Alex’s review published on Letterboxd:
My first favorite good-bad movie, it could be argued that Cube 2: Hypercube jump-started a paracinematic hobby of mine that has wasted me many an hour. I could, in some respects, blame Cube 2: Hypercube for why I've seen more New French Extremity films than French New Wave films, more Neil Breen films than Jean Renoir films, more films in the Psychotronic Video Guide than films in the Criterion Collection.
OK, that may be extreme (and I don't know if that last one is actually true). Hyperbole may be the defining tone of my Hooptober this year. Halloween, Friday the 13th, and Dawn of the Dead, among plenty others, did much more to influence my tendency toward paracinematic genre films than Cube 2: Hypercube. But Cube 2: Hypercube was one of the first films to teach me that (1) movies can be very, very bad and still exist in the world, as opposed to being destroyed forever so no eyes can be pained by them, and (2) it is possible to enjoy a movie that satisfies condition 1.
The sad thing is, in retrospect, Cube 2: Hypercube is not even a good-bad movie. It is simply bad (mediocre if I'm being uncharacteristically generous). It manages to look worse than its predecessor, despite being made years later and having a substantially larger budget. The attempt at mythology building which comes with the territory of a sequel is atrocious (that ending is...woof).
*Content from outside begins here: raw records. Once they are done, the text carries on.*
Lemma card_subsets_T' : exists S : {set {set X}},
  n`! + 2 <= #|S| /\ forall P, P \in S -> subset_reach U P.
Proof.
exists (subset_run U [::] |: (subset_run U [:: ord0] |: [set run_perm r | r : {perm 'I_n}])).
split; last by move=> P; rewrite !inE => /orP [/eqP ->|/orP [/eqP ->|/imsetP [r _ ->]]];
  apply: subset_reach_run.
have s_run0 : (st_s n, set0) \in subset_run U [::] by apply/mem_run0.
have no_s r P : fwd_inv r P -> (st_s n, set0) \notin P.
  by case=> _ shape_P _; apply/negP => /shape_P []; rewrite eqxx.
rewrite cardsU1 cardsU1 (card_imset _ run_perm_inj).
have -> : subset_run U [:: ord0] \notin [set run_perm r | r : {perm 'I_n}].
  apply/imsetP => -[r _ eq_run]; have [y] := final_in_run_perm r.
  by rewrite -eq_run => /run_a1P [k ->]; apply/eqP; rewrite stq_neq_f.
have -> : subset_run U [::] \notin subset_run U [:: ord0] |: [set run_perm r | r : {perm 'I_n}].
  rewrite !inE; apply/negP => /orP [/eqP eq_run|/imsetP [r _ eq_run]].
    by move: s_run0; rewrite eq_run; apply/negP/no_s/fwd_inv_a1.
  by move: s_run0; rewrite eq_run; apply/negP/no_s/fwd_inv_run_perm.
by rewrite card_Sn /= addn2.
Qed.

(** * Backward subset construction *)

Local Notation RU := (reversal U).

Definition bwd (u : seq 'I_n) : {set X} := subset_run RU (rev u).

Lemma bwd_cons a u : bwd (a :: u) = subset_next RU (bwd u) a.
Proof. by rewrite /bwd rev_cons subset_run_rcons. Qed.

Lemma mem_bwd_cons x a u :
  x \in bwd (a :: u) <-> exists2 y, y \in bwd u & atrans U x a y.
Proof. by rewrite bwd_cons; apply: iff_sym; exact: rwP (subset_nextP RU _ _ _). Qed.

Lemma mem_bwd0 x : x \in bwd [::] -> x.1 = st_f n.
Proof. by case/subset_initP=> _ [[_ ->]]. Qed.

Lemma bwd_nonfinal x u : x \in bwd u -> u != [::] -> x.1 != st_f n.
Proof.
case: u => // a u /mem_bwd_cons [y _ /atrans_T' [_ _ [v step]]] _.
by apply/eqP => x_f; apply: det_step_from_f x_f step.
Qed.

Lemma final_in_bwd0 p N b j : G (stq p, qset N b) -> j <= p -> ~~ hits_f N j ->
  final_conf p N j \in bwd [::].
Proof.
move=> gen_x jp Nj; have kept_y := kept_final (det_genS gen_x (det_step_final b jp Nj)).
apply/subset_initP; split=> //; split=> //; split=> //; first by case: kept_y.
by move=> q /imsetP [k _ ->] /eqP; rewrite stq_neq_f.
Qed.
(* Let $\Omega_n=\dfrac{\pi^{n/2}}{\Gamma\left(\frac n2+1\right)}$ for $n\in\mathbb{N}_0$, and \[ c(n)=1+\frac1{4n}+\frac1{32n^2}-\frac5{128n^3}-\frac{21}{2048n^4}+\frac{399}{8192n^5},\qquad d(n)=c(n)+\frac{869}{65536n^6}. \] Then $\sqrt{\frac{n}{2\pi}}\,c(n)<\frac{\Omega_{n-1}}{\Omega_n}$ for every integer $n\ge12$, and $\frac{\Omega_{n-1}}{\Omega_n}<\sqrt{\frac n{2\pi}}\,d(n)$ for every integer $n\ge1$.
   Context: $\Omega_n$ is the volume of the unit ball in $\mathbb{R}^n$ ($\Omega_0=1$); $\Gamma$ is Euler's gamma function. *)

From Stdlib Require Import Reals.
From Coquelicot Require Import Coquelicot.
Open Scope R_scope.

Definition Gamma (x : R) : R :=
  RInt_gen (fun t => Rpower t (x - 1) * exp (- t)) (at_right 0) (Rbar_locally p_infty).

Definition Omega (n : nat) : R :=
  Rpower PI (INR n / 2) / Gamma (INR n / 2 + 1).

Definition c_fn (n : nat) : R :=
  let x := INR n in
  1 + 1 / (4 * x) + 1 / (32 * x ^ 2) - 5 / (128 * x ^ 3)
    - 21 / (2048 * x ^ 4) + 399 / (8192 * x ^ 5).

Definition d_fn (n : nat) : R := c_fn n + 869 / (65536 * INR n ^ 6).

(* Let rho x = Gamma (x/2 + 1) / Gamma (x/2 + 1/2), so that
   Omega_{n-1} / Omega_n = rho n / sqrt pi, and sigma x = 2 rho(x)^2 / x.
   The functional equation of Gamma gives rho(x) rho(x+1) = (x+1)/2, and the
   log-convexity of Gamma (AM-GM under the integral) makes rho nondecreasing;
   hence 1 <= sigma x <= 1 + 1/x and sigma (x+2) = sigma x * x(x+2)/(x+1)^2.
   An explicit polynomial inequality then shows that sigma/c^2 and d^2/sigma
   strictly decrease along x, x+2, x+4, ...; as both tend to 1, they stay
   above 1. *)

From Stdlib Require Import Reals Lra Lia.
From Coquelicot Require Import Coquelicot.
Open Scope R_scope.
Definition rword (w : list Alph) : vset := rset (fun _ => True) w.

Definition inter (A B : vset) : vset := fun v => A v /\ B v.
Definition union (A B : vset) : vset := fun v => A v \/ B v.
Definition subset (A B : vset) : Prop := forall v, A v -> B v.
Definition seteq (A B : vset) : Prop := forall v, A v <-> B v.

Variable BB : vset -> Prop.

Definition accommodating : Prop :=
  (forall A w, BB A -> Lplus w -> BB (rset A w)) /\
  (forall A B, BB A -> BB B -> BB (inter A B)) /\
  (forall A B, BB A -> BB B -> BB (union A B)) /\
  (forall w, Lplus w -> BB (rword w)).

Definition weakly_left_resolving : Prop :=
  forall A B w, BB A -> BB B -> Lplus w ->
    seteq (rset (inter A B) w) (inter (rset A w) (rset B w)).

Definition Bsub (w : list Alph) (A : vset) : Prop := BB A /\ subset A (rword w).

(* The inverse semigroup S: None = 0, Some (a, A, b) = (a, A, b). *)
Definition Selt := option (list Alph * vset * list Alph).

Definition inS (p : Selt) : Prop :=
  match p with
  | None => True
  | Some (a, A, b) => Lstar a /\ Lstar b /\ (exists v, A v) /\ Bsub a A /\ Bsub b A
  end.

(* (a, X, d) with empty middle entry identified with 0 *)
Definition mk (a : list Alph) (X : vset) (d : list Alph) (r : Selt) : Prop :=
  ((forall v, ~ X v) /\ r = None) \/ ((exists v, X v) /\ r = Some (a, X, d)).

(* the product, as a relation: mulS p q r  <->  p q = r *)
Definition mulS (p q r : Selt) : Prop :=
  match p, q with
  | Some (a, A, b), Some (c, B, d) =>
      (exists c', c = b ++ c' /\ mk (a ++ c') (inter (rset A c') B) d r)
   \/ (exists b', b = c ++ b' /\ mk a (inter A (rset B b')) (d ++ b') r)
   \/ ((forall c', c <> b ++ c') /\ (forall b', b <> c ++ b') /\ r = None)
  | _, _ => r = None
  end.

Definition inES (p : Selt) : Prop :=
  inS p /\ match p with None => True | Some (a, _, b) => a = b end.
Definition leS (p q : Selt) : Prop := mulS p q p.
Theorem mainTheorem4 (R : realType) (n p : nat) (X : 'M[R]_(n, p))
    (y : 'cV[R]_n) (w : 'cV[R]_p)
    (U : 'M[R]_n) (D : 'M[R]_(n, p)) (V : 'M[R]_p) :
  (n < p)%N ->
  \rank X = n ->
  is_svd X U D V ->
  let ytil := pinv_rdiag D *m U^T *m y in
  let wtil := V^T *m w in
  let a := vnorm (tail_from n wtil) in
  let b := vnorm ytil in
  let alpha := Num.sqrt ((8 * a ^+ 2 + Num.sqrt (64 * a ^+ 4 + 1296 * b ^+ 2)) / 81) in
  let theta_OLS := X^T *m invmx (X *m X^T) *m y in
  forall theta : 'cV[R]_p,
    is_solution X y w theta <->
    theta = theta_OLS + alpha *: ((1%:M - X^T *m invmx (X *m X^T) *m X) *m w).
Proof.
move=> lt_np rkX svdX ytil wtil a b alpha theta_OLS theta.
have np := ltnW lt_np.
have XM := svd_rinvP np rkX svdX.
have MX_sym := svd_rinv_sym rkX svdX.
have [alpha_ge0 alpha_root alpha_eq0] := quartic_root a b.
rewrite /theta_OLS (ols_rinv XM MX_sym).
apply: constrained_minimizer => //.
- by rewrite -(svd_vnorm_tail rkX svdX) -(svd_vnorm_ytil svdX).
- by move/alpha_eq0; rewrite /a (svd_vnorm_tail rkX svdX); exact: vnorm_eq0.
Qed.
(* Let $\mathcal{I}$ be an interval hypergraph on $[n]$ and $A,B$ acyclic orientations of $\mathcal{I}$. Then $A\le B$ in $P_{\mathcal{I}}$ if and only if $A(I)\le B(I)$ for all $I\in\mathcal{I}$.
   Context: An interval hypergraph $\mathcal{I}$ on $[n]$ is a collection of intervals of $[n]$ containing all singletons. An orientation is a map $O:\mathcal{I}\to[n]$ with $O(I)\in I$; it is acyclic if there are no $H_1,\dots,H_k\in\mathcal{I}$, $k\ge2$, with $O(H_{i+1})\in H_i\setminus\{O(H_i)\}$ for $i\in[k-1]$ and $O(H_1)\in H_k\setminus\{O(H_k)\}$. Orientations $O\ne O'$ are related by an increasing flip (from $O$ to $O'$) if there exist $1\le i<j\le n$ such that for all $H$: if $O(H)\ne O'(H)$ then $O(H)=i$, $O'(H)=j$; and if $\{i,j\}\subseteq H$ then $O(H)=i\iff O'(H)=j$. $P_{\mathcal{I}}$ is the transitive closure of the increasing flip relation on the acyclic orientations of $\mathcal{I}$. *)

(* Vertex set [n] is modelled by 'I_n = {0,...,n-1}
   (order-isomorphic to {1,...,n}). An interval is a pair (a,b) of vertices,
   denoting {x | a <= x <= b}. *)
From mathcomp Require Import all_boot.
Set Implicit Arguments.
Unset Strict Implicit.
Unset Printing Implicit Defensive.

Definition interval (n : nat) := ('I_n * 'I_n)%type.

Definition in_interval (n : nat) (I : interval n) (x : 'I_n) : bool :=
  (I.1 <= x <= I.2)%N.

Definition interval_hypergraph (n : nat) (HG : {set interval n}) : Prop :=
  (forall I, I \in HG -> (I.1 <= I.2)%N) /\
  (forall i : 'I_n, (i, i) \in HG).

Definition edge (n : nat) (HG : {set interval n}) :=
  {I : interval n | I \in HG}.

Definition is_orientation (n : nat) (HG : {set interval n})
  (O : edge HG -> 'I_n) : Prop :=
  forall H : edge HG, in_interval (val H) (O H).

Definition cycle_rel (n : nat) (HG : {set interval n})
  (O : edge HG -> 'I_n) : rel (edge HG) :=
  fun H H' => in_interval (val H) (O H') && (O H' != O H).

Definition acyclic (n : nat) (HG : {set interval n})
  (O : edge HG -> 'I_n) : Prop :=
  forall s : seq (edge HG), (2 <= size s)%N -> ~~ cycle (cycle_rel O) s.

Definition increasing_flip (n : nat) (HG : {set interval n})
  (O O' : edge HG -> 'I_n) : Prop :=
  O <> O' /\
  exists i j : 'I_n, (i < j)%N /\
    forall H : edge HG,
      (O H <> O' H -> O H = i /\ O' H = j) /\
      (in_interval (val H) i && in_interval (val H) j ->
         (O H = i <-> O' H = j)).
(** Sigma_w = { lam <> 0 : |Arg lam| < w }, Arg the principal argument in (-pi, pi] *)
Definition sector (w : R) (lam : C) : Prop :=
  exists r phi, 0 < r /\ - PI < phi <= PI /\ Rabs phi < w /\
    lam = (r * cos phi, r * sin phi).

Definition csector (w : R) (lam : C) : Prop :=
  forall eps, 0 < eps -> exists mu, sector w mu /\ Cmod (Cminus lam mu) < eps.

(** * (Unbounded) operators: A with domain DA *)
Definition closed_densely_defined {X : CBanach} (DA : X -> Prop) (A : X -> X) : Prop :=
  subspace DA /\
  (forall x y, DA x -> DA y -> A (vadd x y) = vadd (A x) (A y)) /\
  (forall a x, DA x -> A (vscal a x) = vscal a (A x)) /\
  (forall (u : nat -> X) x y, (forall n, DA (u n)) -> conv u x ->
       conv (fun n => A (u n)) y -> DA x /\ A x = y) /\
  (forall x eps, 0 < eps -> exists z, DA z /\ vnorm (vsub x z) < eps).

Definition resolvent_op {X : CBanach} (DA : X -> Prop) (A : X -> X) (lam : C)
    (R : X -> X) : Prop :=
  bounded_op R /\
  (forall x, DA (R x) /\ vsub (vscal lam (R x)) (A (R x)) = x) /\
  (forall z, DA z -> R (vsub (vscal lam z) (A z)) = z).

Definition in_resolvent_set {X : CBanach} (DA : X -> Prop) (A : X -> X) (lam : C) : Prop :=
  exists R, resolvent_op DA A lam R.

Definition sect_res_set {X : CBanach} (DA : X -> Prop) (A : X -> X) (theta : R)
    (S : X -> X) : Prop :=
  exists lam R, ~ csector theta lam /\ resolvent_op DA A lam R /\
    forall x, S x = vscal lam (R x).

Definition sectorial {X : CBanach} (w : R) (DA : X -> Prop) (A : X -> X) : Prop :=
  closed_densely_defined DA A /\
  (forall lam, ~ csector w lam -> in_resolvent_set DA A lam) /\
  (forall theta, w < theta < PI -> bounded_set (sect_res_set DA A theta)).

Definition R_sectorial {X : CBanach} (w : R) (DA : X -> Prop) (A : X -> X) : Prop :=
  sectorial w DA A /\
  (forall theta, w < theta < PI -> R_bounded (sect_res_set DA A theta)).

Definition R_sectorial_type0 {X : CBanach} (DA : X -> Prop) (A : X -> X) : Prop :=
  forall w, 0 < w < PI -> R_sectorial w DA A.

Definition sect_multiplier {X : CBanach} (Xs : nat -> X -> Prop) (p : nat -> X -> X)
    (DA : X -> Prop) (A : X -> X) : Prop :=
  exists a : nat -> R,
    (forall n, 0 < a n) /\ (forall n, a n <= a (S n)) /\
    (forall x, DA x <-> exists l, conv (psum (fun n => vscal (RtoC (a n)) (p n x))) l) /\
    (forall x, DA x -> conv (psum (fun n => vscal (RtoC (a n)) (p n x))) (A x)).

Definition powers {X : CBanach} (T : X -> X) (S : X -> X) : Prop :=
  exists n, forall x, S x = Nat.iter n T x.

Definition ritt_set {X : CBanach} (T : X -> X) (U : X -> X) : Prop :=
  exists n, (1 <= n)%nat /\
    forall x, U x = vscal (RtoC (INR n)) (vsub (Nat.iter n T x) (Nat.iter (S n) T x)).

Definition Ritt {X : CBanach} (T : X -> X) : Prop :=
  bounded_op T /\ bounded_set (powers T) /\ bounded_set (ritt_set T).

Definition R_Ritt {X : CBanach} (T : X -> X) : Prop :=
  bounded_op T /\ R_bounded (powers T) /\ R_bounded (ritt_set T).

Definition Ritt_multiplier {X : CBanach} (Xs : nat -> X -> Prop) (p : nat -> X -> X)
    (T : X -> X) : Prop :=
  exists c : nat -> R,
    (forall n, 0 < c n < 1) /\ (forall n, c n <= c (S n)) /\
    (forall x, conv (psum (fun n => vscal (RtoC (c n)) (p n x))) (T x)).

From Pilot Require Import Defs.
From Stdlib Require Import Reals List.
From Stdlib Require Import Lra Lia Psatz ClassicalEpsilon Classical.
From Coquelicot Require Complex.
Import ListNotations.
Open Scope R_scope.

(** Let [P_N] be the partial-sum projections of an R-Schauder decomposition,
    with R-bound [K].  The whole proof rests on one estimate: if a complex
    sequence [m] satisfies [|m k| <= M] and has total variation [<= V], then
    the operators [x |-> sum_(k<N) m k p_k x] form an R-bounded family with
    R-bound [2 (M + V) K], and their pointwise limit exists.
    - Rademacher averages are symmetric and convex in each entry, so the
      absolutely convex hull of an R-bounded family has the same R-bound.
    - By Abel summation, [sum_(k<N) r k p_k x] lies in [(M + V)] times that
      hull of [{P_N x}] for a real sequence [r]; a complex [m] is split into
      real and imaginary parts, which costs the factor [2].
    Part (b): [T^n] and [n (T^n - T^(n+1))] are the multipliers with symbols
    [c_k^n] (monotone in [k]) and [n (c_k^n - c_k^(n+1))] (unimodal in [k]),
    both of bounded variation uniformly in [n].
    Part (a): outside the closed sector of angle [theta], [lambda (lambda - A)^-1]
    is the multiplier with symbol [lambda / (lambda - a_k)], of modulus
    [<= 1 / sin theta] and of variation [<= 4 / sin^2 theta]. *)

Ltac cring := repeat match goal with
    c : Defs.C |- _ => lazymatch goal with |- context [c] => destruct c end end;
  unfold Cmul, Cadd, Cminus, RtoC, C1 in *; simpl; f_equal; ring.

Lemma vadd_0l {X : CBanach} (x : X) : vadd vzero x = x.
Proof. rewrite vadd_comm; apply vadd_0. Qed.

Lemma vadd_oppl {X : CBanach} (x : X) : vadd (vopp x) x = vzero.
Proof. rewrite vadd_comm; apply vadd_opp. Qed.

Lemma vadd_cancel_l {X : CBanach} (a x y : X) : vadd a x = vadd a y -> x = y.
Proof.
  intros H. rewrite <- (vadd_0l x), <- (vadd_0l y), <- (vadd_oppl a).
  rewrite <- !vadd_assoc, H; reflexivity.
Qed.

Lemma vopp_unique {X : CBanach} (x y : X) : vadd x y = vzero -> y = vopp x.
Proof. intros H. apply (vadd_cancel_l x). now rewrite H, vadd_opp. Qed.

Lemma vopp_opp {X : CBanach} (x : X) : vopp (vopp x) = x.
Proof. symmetry. apply vopp_unique. apply vadd_oppl. Qed.

Lemma vadd_swap {X : CBanach} (a b c : X) : vadd a (vadd b c) = vadd b (vadd a c).
Proof. rewrite !vadd_assoc, (vadd_comm _ a b); reflexivity. Qed.

Lemma vadd_4 {X : CBanach} (a b c d : X) :
  vadd (vadd a b) (vadd c d) = vadd (vadd a c) (vadd b d).
Proof. rewrite <- !vadd_assoc. f_equal. apply vadd_swap. Qed.

Lemma vopp_add {X : CBanach} (x y : X) : vopp (vadd x y) = vadd (vopp x) (vopp y).
Proof. symmetry; apply vopp_unique. rewrite vadd_4, !vadd_opp, vadd_0; reflexivity. Qed.

Lemma vopp_zero {X : CBanach} : vopp (@vzero X) = vzero.
Proof. symmetry; apply vopp_unique; apply vadd_0. Qed.

Lemma vadd_idem_zero {X : CBanach} (x : X) : vadd x x = x -> x = vzero.
Proof. intros H. rewrite <- (vadd_0 _ x) in H at 3. now apply vadd_cancel_l in H. Qed.

Lemma vscal_zero_v {X : CBanach} a : vscal a (@vzero X) = vzero.
Proof. apply vadd_idem_zero. rewrite <- vscal_distr_v, vadd_0; reflexivity. Qed.

Lemma vscal_eqC {X : CBanach} a b (x : X) : a = b -> vscal a x = vscal b x.
Proof. intros ->; reflexivity. Qed.

Lemma vscal_0 {X : CBanach} (x : X) : vscal (RtoC 0) x = vzero.
Proof. apply vadd_idem_zero. rewrite <- vscal_distr_s. apply vscal_eqC; cring. Qed.

Lemma vscal_opp_v {X : CBanach} a (x : X) : vscal a (vopp x) = vopp (vscal a x).
Proof. apply vopp_unique. rewrite <- vscal_distr_v, vadd_opp. apply vscal_zero_v. Qed.

Lemma vscal_m1 {X : CBanach} (x : X) : vscal (RtoC (-1)) x = vopp x.
Proof.
  apply vopp_unique. rewrite <- (vscal_1 _ x) at 1. rewrite <- vscal_distr_s.
  rewrite <- (vscal_0 x). apply vscal_eqC; cring.
Qed.

Lemma vscal_comm {X : CBanach} a b (z : X) : vscal a (vscal b z) = vscal b (vscal a z).
Proof. rewrite !vscal_assoc. apply vscal_eqC. cring. Qed.

Lemma rs_1 {X : CBanach} (x : X) : vscal (RtoC 1) x = x.
Proof. apply vscal_1. Qed.

Lemma rs_mul {X : CBanach} a b (x : X) :
  vscal (RtoC a) (vscal (RtoC b) x) = vscal (RtoC (a * b)) x.
Proof. rewrite vscal_assoc. apply vscal_eqC; cring. Qed.

Lemma rs_add {X : CBanach} a b (x : X) :
  vscal (RtoC (a + b)) x = vadd (vscal (RtoC a) x) (vscal (RtoC b) x).
Proof. rewrite <- vscal_distr_s. apply vscal_eqC; cring. Qed.

Lemma rs_opp {X : CBanach} a (x : X) : vscal (RtoC (- a)) x = vopp (vscal (RtoC a) x).
Proof. rewrite <- vscal_m1, rs_mul. apply vscal_eqC; cring. Qed.

Lemma vsub_diag {X : CBanach} (x : X) : vsub x x = vzero.
Proof. apply vadd_opp. Qed.

Lemma vsub_opp {X : CBanach} (x y : X) : vopp (vsub x y) = vsub y x.
Proof. unfold vsub. rewrite vopp_add, vopp_opp, vadd_comm; reflexivity. Qed.

Lemma vsub_eq0 {X : CBanach} (x y : X) : vsub x y = vzero -> x = y.
Proof.
  unfold vsub; intros H. apply vopp_unique in H.
  rewrite <- (vopp_opp x), <- H, vopp_opp; reflexivity.
Qed.

Lemma vsub_add_add {X : CBanach} (a b c d : X) :
  vsub (vadd a b) (vadd c d) = vadd (vsub a c) (vsub b d).
Proof. unfold vsub. rewrite vopp_add, vadd_4; reflexivity. Qed.

Lemma vsub_scal {X : CBanach} a (x y : X) : vsub (vscal a x) (vscal a y) = vscal a (vsub x y).
Proof. unfold vsub. rewrite vscal_distr_v, vscal_opp_v; reflexivity. Qed.

Lemma vsub_scal_r {X : CBanach} u w (v : X) : vsub (vscal u v) (vscal w v) = vscal (Cminus u w) v.
Proof. unfold vsub. rewrite <- vscal_m1, vscal_assoc, <- vscal_distr_s. apply vscal_eqC. cring. Qed.

Lemma rs_sub {X : CBanach} a b (v : X) :
  vsub (vscal (RtoC a) v) (vscal (RtoC b) v) = vscal (RtoC (a - b)) v.
Proof. unfold vsub, Rminus. rewrite rs_add, rs_opp; auto. Qed.


Lemma Cmod_RtoC r : Cmod (RtoC r) = Rabs r.
Proof. apply Complex.Cmod_R. Qed.

Lemma Cmod_nonneg a : 0 <= Cmod a.
Proof. apply Complex.Cmod_ge_0. Qed.

Lemma vnorm_zero {X : CBanach} : vnorm (@vzero X) = 0.
Proof. rewrite <- (vscal_0 vzero), vnorm_scal, Cmod_RtoC, Rabs_R0; ring. Qed.

Lemma vnorm_opp {X : CBanach} (x : X) : vnorm (vopp x) = vnorm x.
Proof.
  rewrite <- vscal_m1, vnorm_scal, Cmod_RtoC.
  replace (Rabs (-1)) with 1 by (unfold Rabs; destruct Rcase_abs; lra); ring.
Qed.

Lemma vnorm_sub_sym {X : CBanach} (x y : X) : vnorm (vsub x y) = vnorm (vsub y x).
Proof. rewrite <- vsub_opp, vnorm_opp; reflexivity. Qed.

Lemma vnorm_sub_eq0 {X : CBanach} (x y : X) : vnorm (vsub x y) = 0 -> x = y.
Proof. intros H; apply vsub_eq0, vnorm_eq0, H. Qed.

Lemma vsub_triangle {X : CBanach} (x y z : X) :
  vnorm (vsub x z) <= vnorm (vsub x y) + vnorm (vsub y z).
Proof.
  replace (vsub x z) with (vadd (vsub x y) (vsub y z)). apply vnorm_triangle.
  unfold vsub. rewrite <- vadd_assoc, (vadd_assoc _ (vopp y)), vadd_oppl, vadd_0l; reflexivity.
Qed.

Lemma vnorm_triangle_sub {X : CBanach} (x y : X) : vnorm x <= vnorm y + vnorm (vsub x y).
Proof.
  replace x with (vadd y (vsub x y)) at 1. apply vnorm_triangle.
  unfold vsub. rewrite vadd_swap, vadd_opp, vadd_0; reflexivity.
Qed.

Fixpoint sumR (f : nat -> R) (N : nat) : R :=
  match N with O => 0 | S n => sumR f n + f n end.

Lemma sumR_ext f g N : (forall k, (k < N)%nat -> f k = g k) -> sumR f N = sumR g N.
Proof.
  induction N; simpl; intros H; auto.
  rewrite IHN by (intros; apply H; lia). rewrite H by lia; auto.
Qed.

Lemma sumR_nonneg f N : (forall k, 0 <= f k) -> 0 <= sumR f N.
Proof. intros H; induction N; simpl; [lra| specialize (H N); lra]. Qed.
And the clear inadequacy of these screenwriters to write characters is frustrating to put it lightly (I am convinced the writers who crafted the line "I'm blind, Kate. I'm a burden" have never encountered a blind person in their lives).
Deflated as I may be by the realization that Cube 2: Hypercube does not live up to the good-bad label I once attributed to it, I will always have the fond memory of laughing uncontrollably, as an impressionable young person, at the sight of two people having sex while suspended in midair as time rapidly propels forward to the point where they become nothing but bones.
Cube 2: Hypercube is a five-star movie title given to a one-star film. The fact that the naming convention of _____ 2: Hyper_____ never caught on is a travesty.